» RAW DATA
[Start of Attachment]

(* Let $\mathfrak{p}$ be a prime ideal in a pc monoid $A$. Then: (1) $A/\mathfrak{p}$ is a cancellative monoid; (2) if $A$ is pctf, then $(A/\mathfrak{p})^+$ is a torsionfree pointed group; (3) if $A$ is cancellative and normal, then $A/\mathfrak{p}$ is cancellative and normal.
   Context: A monoid is a pointed commutative monoid (basepoint $0$, $0\cdot a=0$, identity $1$). An ideal is a subset $I\ni0$ with $AI\subseteq I$; $A/I$ collapses $I$ to $0$; a proper ideal $\mathfrak{p}$ is prime if $A\setminus\mathfrak{p}$ is multiplicatively closed. $A$ is cancellative if $ac=bc$ with $c\ne0$ implies $a=b$; pc if $A\cong C/I$ with $C$ cancellative; pctf if $A\cong C/I$ with $C$ cancellative and torsionfree ($a^n=b^n$ for some $n\ge1$ implies $a=b$). For cancellative $C$, the pointed group completion $C^+$ is the group completion of $C\setminus\{0\}$ with a basepoint adjoined; a pointed group is torsionfree if its underlying group (without basepoint) is. The normalization of a cancellative $A$ is $A_{\mathrm{nor}}=\{\alpha\in A^+:\alpha^n\in A\text{ for some }n\ge1\}$ and $A$ is normal if $A=A_{\mathrm{nor}}$. *)

From Stdlib Require Import Classical ClassicalDescription ProofIrrelevance Arith.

[End of Attachment]

» ACTIVITY
Repeat the whole of the data above exactly as it appears.

» OUTPUT BELOW
(* Let $\mathfrak{p}$ be a prime ideal in a pc monoid $A$. Then: (1) $A/\mathfrak{p}$ is a cancellative monoid; (2) if $A$ is pctf, then $(A/\mathfrak{p})^+$ is a torsionfree pointed group; (3) if $A$ is cancellative and normal, then $A/\mathfrak{p}$ is cancellative and normal.
   Context: A monoid is a pointed commutative monoid (basepoint $0$, $0\cdot a=0$, identity $1$). An ideal is a subset $I\ni0$ with $AI\subseteq I$; $A/I$ collapses $I$ to $0$; a proper ideal $\mathfrak{p}$ is prime if $A\setminus\mathfrak{p}$ is multiplicatively closed. $A$ is cancellative if $ac=bc$ with $c\ne0$ implies $a=b$; pc if $A\cong C/I$ with $C$ cancellative; pctf if $A\cong C/I$ with $C$ cancellative and torsionfree ($a^n=b^n$ for some $n\ge1$ implies $a=b$). For cancellative $C$, the pointed group completion $C^+$ is the group completion of $C\setminus\{0\}$ with a basepoint adjoined; a pointed group is torsionfree if its underlying group (without basepoint) is. The normalization of a cancellative $A$ is $A_{\mathrm{nor}}=\{\alpha\in A^+:\alpha^n\in A\text{ for some }n\ge1\}$ and $A$ is normal if $A=A_{\mathrm{nor}}$. *)

From Stdlib Require Import Classical ClassicalDescription ProofIrrelevance Arith.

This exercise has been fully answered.